→ **To do**:
Return the data below exactly, but only from the line containing "Definition enorm (u" through the line containing "forall x y (l : R), X", with both of those lines included.

→ **Record set**:
(* Let $X\subseteq\mathbb{R}^n$ be a nonempty closed convex set with $0\in X$, $\|\cdot\|$ the Euclidean norm, $D(x\|x')=\tfrac12\|x-x'\|^2$, and suppose $\max_{x,x'\in X}D(x\|x')\le F^2$. Let $\tau\in\mathbb{N}$ with $\tau\ge1$, $T\in\mathbb{N}$, and let $f_1,\dots,f_{T+\tau}:\mathbb{R}^n\to\mathbb{R}$ be convex differentiable functions with $\|\nabla f_t(x)\|\le L$ for all $x\in X$ and all $t$. Run delayed stochastic gradient descent: $x_1=\dots=x_{\tau+1}=0$, $g_t=\nabla f_t(x_t)$, and for $t=\tau+1,\dots,T+\tau$, $x_{t+1}=\operatorname{argmin}_{x\in X}\|x-(x_t-\eta_t g_{t-\tau})\|$, with $\eta_t=\sigma/\sqrt{t-\tau}$ for a constant $\sigma>0$. Let $x^*\in X$ be a minimizer over $X$ of the average risk $f^*(x)=\frac1T\sum_{t=1}^T f_t(x)$, and let $R[X]=\sum_{t=1}^T\big(f_t(x_t)-f_t(x^* )\big)$. Then $$R[X]\le \sigma L^2\sqrt T+F^2\frac{\sqrt T}{\sigma}+L^2\frac{\sigma\tau^2}{2}+2L^2\sigma\tau\sqrt T,$$ and consequently, for $\sigma^2=\frac{F^2}{2\tau L^2}$ and $T\ge\tau^2$, $$R[X]\le 4FL\sqrt{\tau T}.$$
   Context: Delayed stochastic gradient descent updates the parameter with the gradient computed $\tau$ steps earlier, then projects onto $X$. ''Lipschitz continuous with constant $L$'' for the cost functions means the gradient bound $\|\nabla f_t(x)\|\le L$. *)

From HB Require Import structures.
From mathcomp Require Import all_boot all_order all_algebra.
From mathcomp Require Import reals.
Set Implicit Arguments. Unset Strict Implicit. Unset Printing Implicit Defensive.
Import Order.TTheory GRing.Theory Num.Theory.
Local Open Scope ring_scope.

Section Defs.
Variables (R : realType) (n : nat).
Notation vec := 'rV[R]_n.

Definition dotv (u v : vec) : R := \sum_(i < n) u ord0 i * v ord0 i.
Definition enorm (u : vec) : R := Num.sqrt (dotv u u).

Definition Dsq (x x' : vec) : R := 2^-1 * enorm (x - x') ^+ 2.

Definition convex_set (X : vec -> Prop) : Prop :=
  forall x y (l : R), X x -> X y -> 0 <= l -> l <= 1 -> X (l *: x + (1 - l) *: y).

Definition closed_set (X : vec -> Prop) : Prop :=
  forall x, (forall eps : R, 0 < eps -> exists y, X y /\ enorm (y - x) < eps) -> X x.

Definition convex_fun (f : vec -> R) : Prop :=
  forall x y (l : R), 0 <= l -> l <= 1 ->
    f (l *: x + (1 - l) *: y) <= l * f x + (1 - l) * f y.

Definition is_gradient (f : vec -> R) (x g : vec) : Prop :=
  forall eps : R, 0 < eps -> exists delta : R, 0 < delta /\
    forall y, enorm (y - x) < delta ->
      `| f y - f x - dotv g (y - x) | <= eps * enorm (y - x).

Definition is_proj (X : vec -> Prop) (z p : vec) : Prop :=
  X p /\ forall y, X y -> enorm (p - z) <= enorm (y - z).

End Defs.

(* Convexity bounds the regret of round t by <g_t, x_t - xstar>, where g_t is the
   gradient that is only applied at step t + tau.  Splitting
   x_t - xstar = (x_(t+tau) - xstar) + sum_(i < tau) (x_(t+i) - x_(t+i+1)),
   the first part is the usual projected-gradient term: it telescopes in
   |x_s - xstar|^2 and, after summation by parts against the increasing weights
   sqrt t / (2 sigma), costs F^2 sqrt T / sigma + sigma L^2 sqrt T.  Each of the
   tau staleness terms is at most L times the length eta L of one projected
   step, which adds 2 tau sigma L^2 sqrt T.  For the tuned sigma everything
   collapses to sigma L^2 (1 + 4 tau) sqrt T <= 4 F L sqrt (tau T). *)

From HB Require Import structures.
From mathcomp Require Import all_boot all_order all_algebra.
From mathcomp Require Import reals ring lra zify.
Import Order.TTheory GRing.Theory Num.Theory.
Set Implicit Arguments. Unset Strict Implicit. Unset Printing Implicit Defensive.
Local Open Scope ring_scope.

→ **Answer section**:
Definition enorm (u : vec) : R := Num.sqrt (dotv u u).

Definition Dsq (x x' : vec) : R := 2^-1 * enorm (x - x') ^+ 2.

Definition convex_set (X : vec -> Prop) : Prop :=
  forall x y (l : R), X x -> X y -> 0 <= l -> l <= 1 -> X (l *: x + (1 - l) *: y).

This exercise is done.